Collected data:
Content starts

Lemma energy_growth_bound (dd c y1 y2 : R) : 0 <= dd ->
  Rabs (2 * y1 * (y2 - dd * y1 * y2) + 2 * y2 * (- y1 - c * y2 ^ 2))
  <= (dd + Rabs c) * (y1 ^ 2 + y2 ^ 2) * (1 + (y1 ^ 2 + y2 ^ 2)).
Proof.
  intros Hd.
  replace (2 * y1 * (y2 - dd * y1 * y2) + 2 * y2 * (- y1 - c * y2 ^ 2))
    with (- (2 * y2) * (dd * y1 ^ 2 + c * y2 ^ 2)) by ring.
  rewrite Rabs_mult, Rabs_Ropp.
  assert (Hq : Rabs (dd * y1 ^ 2 + c * y2 ^ 2) <= (dd + Rabs c) * (y1 ^ 2 + y2 ^ 2)).
  { eapply Rle_trans; [apply Rabs_triang |].
    rewrite !Rabs_mult, (Rabs_pos_eq dd Hd), !(Rabs_pos_eq (_ ^ 2)) by apply pow2_ge_0.
    pose proof (Rabs_pos c). pose proof (pow2_ge_0 y1). nra. }
  assert (Hl : Rabs (2 * y2) <= 1 + (y1 ^ 2 + y2 ^ 2)).
  { apply Rabs_le. pose proof (pow2_ge_0 (y2 + 1)). pose proof (pow2_ge_0 (y2 - 1)).
    pose proof (pow2_ge_0 y1). split; nra. }
  rewrite Rmult_comm.
  apply Rmult_le_compat; auto using Rabs_pos.
Qed.

Section Energy.

Variables (d : nat) (gamma : R) (Y1 Y2 : R -> R).
Hypothesis Hsol : is_solution (EP1 d) (EP2 gamma) Y1 Y2.

Definition energy (t : R) : R := Y1 t ^ 2 + Y2 t ^ 2.
Definition energy_rate (t : R) : R :=
  2 * Y1 t * EP1 d (Y1 t) (Y2 t) + 2 * Y2 t * EP2 gamma (Y1 t) (Y2 t).
Definition growth_const : R := INR d + Rabs (1 - gamma).

Lemma energy_ge0 t : 0 <= energy t.
Proof. unfold energy. nra. Qed.

Lemma growth_const_ge0 : 0 <= growth_const.
Proof. unfold growth_const. pose proof (pos_INR d). pose proof (Rabs_pos (1 - gamma)). lra. Qed.

(* The energy rate is cubic, so Gronwall is applied to energy / (1 + energy),
   whose logarithmic derivative is bounded by growth_const. *)
Lemma is_derive_bounded_energy t :
  is_derive (fun s => energy s / (1 + energy s)) t (energy_rate t / (1 + energy t) ^ 2).
Proof.
  destruct (Hsol t) as [H1 H2]. pose proof (energy_ge0 t).
  unfold energy in *. auto_derive.
  - repeat split; try (eexists; eassumption). lra.
  - rewrite (Derive_eta_unique _ _ _ H1), (Derive_eta_unique _ _ _ H2).
    unfold energy_rate. field. lra.
Qed.

Lemma bounded_energy_rate_le t :
  Rabs (energy_rate t / (1 + energy t) ^ 2) <= growth_const * (energy t / (1 + energy t)).
Proof.
  pose proof (energy_ge0 t).
  assert (Hb := energy_growth_bound (INR d) (1 - gamma) (Y1 t) (Y2 t) (pos_INR d)).
  rewrite <- EP2E in Hb. fold (EP1 d (Y1 t) (Y2 t)) (energy t) (energy_rate t) in Hb.
  unfold Rdiv at 1. rewrite Rabs_mult, (Rabs_pos_eq (/ _)).
  2: { apply Rlt_le, Rinv_0_lt_compat, pow2_gt_0. lra. }
  apply (Rmult_le_reg_r ((1 + energy t) ^ 2)); [apply pow2_gt_0; lra |].
  unfold growth_const. field_simplify; lra.
Qed.
Lemma coset_shift (m b k1 k2 t1 t2 : nat) : 0 < m ->
  t1 = b * 2 ^ k1 %[mod 2 ^ m - 1] -> t2 = b * 2 ^ k2 %[mod 2 ^ m - 1] ->
  t2 = t1 * 2 ^ (k2 + k1 * (m - 1)) %[mod 2 ^ m - 1].
Proof.
move=> m0 E1 E2; rewrite -modnMml E1 modnMml E2 -mulnA -expnD.
have -> : k1 + (k2 + k1 * (m - 1)) = k2 + m * k1.
  by move: m0; case: (m) => // m' _; rewrite subn1 /= mulSn; lia.
by rewrite expnD mulnA -[in RHS]modnMmr pow2_mod_period // modnMmr muln1.
Qed.

Lemma coset_inverse_product (m i j k1 k2 t1 t2 : nat) :
  t1 = i * 2 ^ k1 %[mod 2 ^ m - 1] -> t2 = j * 2 ^ k2 %[mod 2 ^ m - 1] ->
  i * j = 1 %[mod 2 ^ m - 1] -> t1 * t2 = 2 ^ (k1 + k2) %[mod 2 ^ m - 1].
Proof.
move=> E1 E2 Eij; rewrite -modnMm E1 E2 modnMm.
have -> : i * 2 ^ k1 * (j * 2 ^ k2) = (i * j) * 2 ^ (k1 + k2) by rewrite expnD; lia.
by rewrite -modnMml Eij modnMml mul1n.
Qed.

Lemma modn_inverse_uniq (n i j1 j2 : nat) :
  i * j1 = 1 %[mod n] -> i * j2 = 1 %[mod n] -> j1 = j2 %[mod n].
Proof.
move=> E1 E2; rewrite -[X in X %% _ = _]muln1 -modnMmr -E2 modnMmr mulnCA mulnA.
by rewrite -modnMml E1 modnMml mul1n.
Qed.

Lemma coset_star_cases (m i t1 t2 : nat) : 0 < m ->
  in_coset_star (2 ^ m - 1) i t1 -> in_coset_star (2 ^ m - 1) i t2 ->
  (exists e, t2 = t1 * 2 ^ e %[mod 2 ^ m - 1]) \/
  (exists e, t1 * t2 = 2 ^ e %[mod 2 ^ m - 1]).
Proof.
move=> m0 [[k1 E1] | [j1 [Ej1 [k1 E1]]]] [[k2 E2] | [j2 [Ej2 [k2 E2]]]].
- by left; eexists; exact: coset_shift m0 E1 E2.
- by right; eexists; exact: coset_inverse_product E1 E2 Ej2.
- by right; eexists; rewrite mulnC; exact: coset_inverse_product E2 E1 Ej1.
- left; eexists; apply: coset_shift m0 E1 (etrans E2 _).
  by rewrite -modnMml (modn_inverse_uniq Ej2 Ej1) modnMml.
Qed.

Local Open Scope ring_scope.

Definition equivalent_monomials (F : finFieldType) (t1 t2 : nat) : Prop :=
  selfemb_iso F t1 t2 /\
  forall a : F, a != 0 -> perm_eq (Vstar t1 a) (Vstar t2 a) /\ vF t1 a = vF t2 a.

Lemma monomial_invariants_indep (F : finFieldType) (t : nat) (a b : F) :
  2 \in [pchar F] -> (0 < t)%N -> coprime t #|F|.-1 -> a != 0 -> b != 0 ->
  perm_eq (Vstar t a) (Vstar t b) /\ vF t a = vF t b.
Proof.
move=> pchar2 t0 ct a0 b0; have [PK QK PM P0 _] := powf_props t0 ct.
exact (invariants_indep pchar2 PK QK PM P0 a0 b0).
Qed.

Section TwoCases.
Variable F : finFieldType.
Hypothesis pchar2 : 2 \in [pchar F].
Variables t1 t2 e : nat.
Hypotheses (t1_gt0 : (0 < t1)%N) (t1_coprime : coprime t1 #|F|.-1).
Hypotheses (t2_gt0 : (0 < t2)%N) (t2_coprime : coprime t2 #|F|.-1).

Let phi := @powf F (2 ^ e).
Let phi_inj : injective phi := frob_inj pchar2 (e := e).
Let phiD : {morph phi : x y / x + y} := frobD pchar2 e.
Let phi0 : phi 0 = 0 := frob0 F e.

(* Case t2 = t1 2^e: x^t2 = phi o x^t1, and phi is the isomorphism. *)
Lemma shift_case :
  (forall x : F, powf t2 x = phi (powf t1 x)) -> equivalent_monomials F t1 t2.
Proof.
move=> P2E; have [PK1 QK1 PM1 P01 _] := powf_props t1_gt0 t1_coprime.
have [PK2 _ _ _ _] := powf_props t2_gt0 t2_coprime.
have Q2E y : pinv t2 (phi y) = pinv t1 y by rewrite -{1}(QK1 y) -P2E PK2.
split.
  exists (perm phi_inj); split; first by rewrite permE phi0.
  left; rewrite !(img_sys_ext _ (permE phi_inj)) (img_sys_STS phi_inj phiD phi0).
  by split; rewrite // img_sys_comp; apply: img_sys_ext => x; rewrite /= P2E.
by move=> a a0; exact (invariants_frob_twist pchar2 PK1 QK1 PM1 P01 P2E Q2E a0).
Qed.

(* Case t1 t2 = 2^e: x^t2 = phi o (x^t1)^-1, and x^t2 is the isomorphism,
   exchanging the two systems. *)
Lemma inverse_case :
  (forall x : F, powf t2 (powf t1 x) = phi x) -> equivalent_monomials F t1 t2.
Proof.
move=> P21E; have [PK1 QK1 PM1 P01 P11] := powf_props t1_gt0 t1_coprime.
have [PK2 _ _ P02 _] := powf_props t2_gt0 t2_coprime.
have P2E y : powf t2 y = phi (pinv t1 y) by rewrite -{1}(QK1 y) P21E.
have Q2E y : pinv t2 (phi y) = powf t1 y by rewrite -P21E PK2.
have t2_inj := powf_inj t2_gt0 t2_coprime.
split.
  exists (perm t2_inj); split; first by rewrite permE P02.
  right; rewrite !(img_sys_ext _ (permE t2_inj)); split => //.
  rewrite img_sys_comp (img_sys_ext _ P21E); exact: img_sys_STS phi_inj phiD phi0.
move=> a a0.
have [Vtwist vtwist] := invariants_frob_twist pchar2 QK1 PK1 (QM PK1 QK1 PM1)
  (Q0 PK1 QK1 P01) P2E Q2E a0.
have Vswap := profile_zseq_swap pchar2 PK1 QK1 PM1 P01 P11 a0.
have vswap := card_vset_swap pchar2 PK1 QK1 PM1 P01 P11 a0.
rewrite perm_sym in Vswap.
split; first exact (perm_trans Vswap Vtwist).
exact (etrans (esym vswap) vtwist).
Qed.
End TwoCases.

Theorem mainTheorem7 (F : finFieldType) (m : nat) (t1 t2 i : nat) :
  #|F| = (2 ^ m)%N ->
  monomial_perm m t1 -> monomial_perm m t2 ->
  in_coset_star (2 ^ m - 1) i t1 -> in_coset_star (2 ^ m - 1) i t2 ->
  selfemb_iso F t1 t2 /\
  (forall a : F, a != 0 ->
     perm_eq (Vstar t1 a) (Vstar t2 a) /\ vF t1 a = vF t2 a) /\
  (forall a b : F, a != 0 -> b != 0 ->
     perm_eq (Vstar t1 a) (Vstar t1 b) /\ vF t1 a = vF t1 b /\
     perm_eq (Vstar t2 a) (Vstar t2 b) /\ vF t2 a = vF t2 b).
Proof.
move=> cardF [t1_gt0 ct1] [t2_gt0 ct2] t1_in t2_in.
have pchar2 : 2 \in [pchar F] by apply: (card_finPcharP cardF).
have m_gt0 : (0 < m)%N.
  by rewrite lt0n; apply: contraTneq (finNzRing_gt1 F) => m0; rewrite cardF m0.
have n_def : (2 ^ m - 1)%N = #|F|.-1 by rewrite cardF subn1.
rewrite n_def in ct1 ct2.
have [iso same] : equivalent_monomials F t1 t2.
  case: (coset_star_cases m_gt0 t1_in t2_in); rewrite n_def => -[e Ee].
    apply: (shift_case pchar2 (e := e) t1_gt0 ct1 t2_gt0 ct2) => x.
    have t1e_gt0 : (0 < t1 * 2 ^ e)%N by rewrite muln_gt0 t1_gt0 expn_gt0.
    by rewrite (powf_mod t2_gt0 t1e_gt0 Ee) /powf exprM.
  apply: (inverse_case pchar2 (e := e) t1_gt0 ct1 t2_gt0 ct2) => x.
  have t12_gt0 : (0 < t1 * t2)%N by rewrite muln_gt0 t1_gt0 t2_gt0.
  by rewrite /powf -exprM; exact (powf_mod t12_gt0 (expn_gt0 2 e) Ee x).
do 2 split => //; move=> a b a0 b0.
have [V1 v1] := monomial_invariants_indep pchar2 t1_gt0 ct1 a0 b0.
by have [V2 v2] := monomial_invariants_indep pchar2 t2_gt0 ct2 a0 b0.
Qed.
(* Under the ICMHD equations, $$\frac{D^2(\rho^{-1}\mathbf{B})}{Dt^2}-\frac{d^2\mathbf{B}}{ds^2}=-\frac{d}{ds}\big(\rho^{-1}\nabla\varpi\big),$$ equivalently $\frac{D^2\mathbf{B}_\rho}{Dt^2}=\frac{d}{ds}\frac{D\mathbf{u}}{Dt}=\mathbf{B}_\rho\cdot\nabla\Big(-\rho^{-1}\nabla p+\mathbf{J}\times\mathbf{B}_\rho\Big)$.
   Context: ICMHD setting: smooth fields on a domain of $\mathbb{R}^3$: velocity $\mathbf{u}$, density $\rho>0$, specific entropy $\sigma$, pressure $p$, magnetic field $\mathbf{B}$ with $\operatorname{div}\mathbf{B}=0$, current $\mathbf{J}=\operatorname{curl}\mathbf{B}$, satisfying $$\rho\frac{D\mathbf{u}}{Dt}=-\nabla p+\mathbf{J}\times\mathbf{B},\quad \partial_t\mathbf{B}=\operatorname{curl}(\mathbf{u}\times\mathbf{B}),\quad \frac{D\sigma}{Dt}=0,\quad \frac{D\rho^{-1}}{Dt}=\rho^{-1}\operatorname{div}\mathbf{u},$$ with $\frac{D}{Dt}=\partial_t+\mathbf{u}\cdot\nabla$. Notation: $\mathbf{B}_\rho=\rho^{-1}\mathbf{B}$, $\frac{d}{ds}=\mathbf{B}_\rho\cdot\nabla$ (applied componentwise to vectors), $\varpi=p+\tfrac12|\mathbf{B}|^2$. *)

(* R : realType, space-time points in 'rV[R]_4.
   Coordinate 0 is time t; coordinate (lift ord0 k), k : 'I_3, is x_k. *)
From mathcomp Require Import all_boot all_order all_algebra.
From mathcomp Require Import all_classical all_reals all_analysis.
Set Implicit Arguments. Unset Strict Implicit. Unset Printing Implicit Defensive.
Import Order.TTheory GRing.Theory Num.Theory.
Import numFieldNormedType.Exports.
Local Open Scope ring_scope.
Local Open Scope classical_set_scope.

Section ICMHD.
Variable R : realType.
Notation pt := 'rV[R]_4.

Definition pd (i : 'I_4) (f : pt -> R) : pt -> R :=
  fun q => derive f q (delta_mx 0 i).

Fixpoint iterd (s : seq 'I_4) (f : pt -> R) : pt -> R :=
  match s with [::] => f | i :: s' => pd i (iterd s' f) end.

Definition smooth_on (U : set pt) (f : pt -> R) : Prop :=
  forall (s : seq 'I_4) (q : pt), U q ->
    {for q, continuous (iterd s f)} /\
    (forall i : 'I_4, derivable (iterd s f) q (delta_mx 0 i)).
Lemma poset_fact_empty (lt : nat -> nat -> Prop) : poset_fact 0 lt 1.
Proof.
  exists 1; split; [|split; [lra|field]].
  exists (fun _ => 1%nat); split.
  - intro M; exists [[]]; split; [repeat constructor; simpl; tauto|split; [|reflexivity]].
    intro x; split.
    + intros [<-|[]]; repeat split; [constructor|intros; lia].
    + intros [Hlen _]; apply length_zero_iff_nil in Hlen as ->; now left.
  - refine (Un_cv_ext _ _ _ _ (Un_cv_const 1)); intro N; simpl; field.
Qed.

Open Scope nat_scope.

(** * Grafting a tree to the right of a forest *)

Lemma clos_trans_map {A B : Type} (RA : relation A) (RB : relation B) (f : A -> B) (x y : A) :
  (forall a b, RA a b -> RB (f a) (f b)) -> clos_trans A RA x y -> clos_trans B RB (f x) (f y).
Proof.
  intros Hf Hxy; induction Hxy as [a b Hab|a b c _ IH1 _ IH2]; [now apply t_step, Hf|].
  eapply t_trans; eauto.
Qed.

Lemma Rrel_cons (c : nat) (v w : list nat) : Rrel v w -> Rrel (c :: v) (c :: w).
Proof.
  intros [[u [Hu ->]]|[p [a [b [-> [-> Hab]]]]]].
  - left; exists u; auto.
  - right; exists (c :: p), a, b; auto.
Qed.

Lemma Rrel_cons_inv (j k : nat) (v w : list nat) :
  Rrel (j :: v) (k :: w) -> (j = k /\ Rrel v w) \/ (v = [] /\ w = [] /\ k < j).
Proof.
  intros [[u [Hu Hw]]|[[|h p] [a [b [Hv [Hw Hab]]]]]]; simpl in *.
  - injection Hw as -> ->; left; split; [reflexivity|left; eauto].
  - injection Hv as -> ->; injection Hw as -> ->; right; auto.
  - injection Hv as -> ->; injection Hw as -> ->.
    left; split; [reflexivity|right; exists p, a, b; auto].
Qed.

Lemma Rrel_nil_r (v : list nat) : ~ Rrel v [].
Proof.
  intros [[u [Hu Hw]]|[p [a [b [_ [Hw _]]]]]].
  - destruct v, u; discriminate + contradiction.
  - destruct p; discriminate.
Qed.

Lemma llrel_in (s : list ptree) (v w : list nat) :
  llrel s v w -> In v (fverts s) /\ In w (fverts s).
Proof. induction 1 as [x y Hxy|x y z _ [Hx _] _ [_ Hz]]; tauto. Qed.

Lemma in_fvaux (i : nat) (l : list ptree) (v : list nat) :
  In v (fvaux i l) -> exists j u, v = j :: u /\ i <= j < i + length l.
Proof.
  revert i; induction l as [|t l IH]; intros i Hv; simpl in Hv; [contradiction|].
  apply in_app_or in Hv as [Hv|Hv].
  - apply in_map_iff in Hv as [u [<- _]]; exists i, u; simpl; split; [reflexivity|lia].
  - destruct (IH _ Hv) as [j [u [-> Hj]]]; exists j, u; simpl; split; [reflexivity|lia].
Qed.

Lemma nil_notin_fverts (s : list ptree) : ~ In [] (fverts s).
Proof. intro H; destruct (in_fvaux _ _ _ H) as [j [u [Hu _]]]; discriminate. Qed.
(* Let $d\ge2$ be fixed, $c_0$ a constant (e.g. $c_0=100d$), and $c,c_1>0$ fixed constants. Define $R^2=2\log n+\log((\log n)^{c_0})$, $\rho^2=2\log n-\log\log n+\log\big((c\log\log n)^{-2}\big)$, and $r=\rho-5c_1^2/\rho$. Let $y_1,\dots,y_m$ be a system of points on the sphere $S(\rho)$ of radius $\rho$ about the origin that is maximal with respect to the property $|y_i-y_j|\ge2c_1$ for $i\ne j$. Let $V_i=\{x:\ |x-y_i|\le|x-y_j|\text{ for all }j\}$ be the Voronoi region of $y_i$, let $A(R,r)=B(R)\setminus B(r)$, and let $W_i=V_i\cap A(R,r)$. Define the graph $G$ on vertex set $\{1,\dots,m\}$ in which $i\neq j$ are adjacent if and only if there exist $a_i\in W_i$, $a_j\in W_j$ and $b\in A(R,r)$ such that the segments $[a_i,b]$ and $[b,a_j]$ lie entirely in $A(R,r)$. Then the maximal degree $D$ of $G$ satisfies $D=O\big((\log\log n)^{\frac{d-1}{2}}\big)$ as $n\to\infty$.
   Context: $B(x)$ denotes the closed ball of radius $x$ centered at the origin. $f(n)=O(g(n))$ means $f(n)\le Cg(n)$ for a constant $C$ independent of $n$ and all large $n$. *)

From HB Require Import structures.
From mathcomp Require Import all_boot all_order all_algebra.
From mathcomp Require Import all_classical all_reals all_analysis.
Set Implicit Arguments. Unset Strict Implicit. Unset Printing Implicit Defensive.
Import Order.TTheory GRing.Theory Num.Theory.
Local Open Scope ring_scope.

Definition enorm (R : realType) (d : nat) (x : 'rV[R]_d) : R :=
  Num.sqrt (\sum_(k < d) x ord0 k ^+ 2).

Definition in_annulus (R : realType) (d : nat) (Ro ri : R) (x : 'rV[R]_d) : Prop :=
  enorm x <= Ro /\ ~ (enorm x <= ri).

Definition seg_in_annulus (R : realType) (d : nat) (Ro ri : R) (a b : 'rV[R]_d) : Prop :=
  forall t : R, 0 <= t <= 1 -> in_annulus Ro ri ((1 - t) *: a + t *: b).

(* y_1..y_m on the sphere S(rho), pairwise distance >= 2 c1, maximal
   with this property (no further point of S(rho) can be added). *)
Definition maximal_separated_system (R : realType) (d : nat) (rho c1 : R)
    (m : nat) (y : 'I_m -> 'rV[R]_d) : Prop :=
  (forall i, enorm (y i) = rho) /\
  (forall i j, i != j -> 2 * c1 <= enorm (y i - y j)) /\
  (forall z : 'rV[R]_d, enorm z = rho -> exists i, enorm (z - y i) < 2 * c1).

Definition voronoi (R : realType) (d : nat) (m : nat) (y : 'I_m -> 'rV[R]_d)
    (i : 'I_m) (x : 'rV[R]_d) : Prop :=
  forall j, enorm (x - y i) <= enorm (x - y j).

Definition Wreg (R : realType) (d : nat) (Ro ri : R) (m : nat) (y : 'I_m -> 'rV[R]_d)
    (i : 'I_m) (x : 'rV[R]_d) : Prop :=
  voronoi y i x /\ in_annulus Ro ri x.

Definition adjacent (R : realType) (d : nat) (Ro ri : R) (m : nat) (y : 'I_m -> 'rV[R]_d)
    (i j : 'I_m) : Prop :=
  i != j /\ exists (ai aj b : 'rV[R]_d),
    [/\ Wreg Ro ri y i ai, Wreg Ro ri y j aj, in_annulus Ro ri b,
        seg_in_annulus Ro ri ai b & seg_in_annulus Ro ri b aj].

Definition degree (R : realType) (d : nat) (Ro ri : R) (m : nat) (y : 'I_m -> 'rV[R]_d)
    (i : 'I_m) : nat :=
  #|[set j : 'I_m | `[< adjacent Ro ri y i j >]]|.

Definition Rad (R : realType) (c0 : R) (n : nat) : R :=
  Num.sqrt (2 * ln (n%:R) + ln ((ln (n%:R)) `^ c0)).

Definition rho (R : realType) (c : R) (n : nat) : R :=
  Num.sqrt (2 * ln (n%:R) - ln (ln (n%:R)) + ln ((c * ln (ln (n%:R))) ^- 2)).

Definition rin (R : realType) (c c1 : R) (n : nat) : R :=
  rho c n - 5 * c1 ^+ 2 / rho c n.

From Pilot Require Import Defs.
From HB Require Import structures.
From mathcomp Require Import all_boot all_order all_algebra.
From mathcomp Require Import all_classical all_reals all_analysis.
From mathcomp Require Import ring lra.
Import Order.TTheory GRing.Theory Num.Theory.
Local Open Scope ring_scope.

(* A segment inside A(R, r) has squared length at most
   4 (R^2 - r^2), because its midpoint stays outside B(r); a point of W_i lies within
   squared distance 2 (R^2 - r^2) + 8 c1^2 of y_i: project it radially onto S(rho),
   where some y_j is 2 c1-close by maximality, and use the Voronoi property.  So the
   neighbours of y_i lie on S(rho) within L = O(sqrt (log log n)) of y_i, while
   rho^2 ~ 2 log n.  Pick a coordinate k with rho^2 <= d y_i(k)^2.  Near y_i the sphere is a
   graph over the remaining d - 1 coordinates: if two neighbours differ by at most s
   in those, the identity |u(k)^2 - v(k)^2| = |sum_(m <> k) (v(m)^2 - u(m)^2)| and
   |u(k) + v(k)| >= |y_i(k)| make them closer than 2 c1 once s = c1 / (2 d^2).  Sorting
   the neighbours into cubes of side s in those coordinates is therefore injective,
   which leaves at most (2 L / s + 1)^(d - 1) = O((log log n)^((d - 1) / 2)) of them. *)

Definition cell {R : realType} (s L x : R) : nat := Num.truncn ((x + L) / s).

Content ends

Repeat, exactly as they stand above, the lines from the line with "Lemma coset_shift (m" to the line with "by move: m0;", both lines included.

Response:
Lemma coset_shift (m b k1 k2 t1 t2 : nat) : 0 < m ->
  t1 = b * 2 ^ k1 %[mod 2 ^ m - 1] -> t2 = b * 2 ^ k2 %[mod 2 ^ m - 1] ->
  t2 = t1 * 2 ^ (k2 + k1 * (m - 1)) %[mod 2 ^ m - 1].
Proof.
move=> m0 E1 E2; rewrite -modnMml E1 modnMml E2 -mulnA -expnD.
have -> : k1 + (k2 + k1 * (m - 1)) = k2 + m * k1.
  by move: m0; case: (m) => // m' _; rewrite subn1 /= mulSn; lia.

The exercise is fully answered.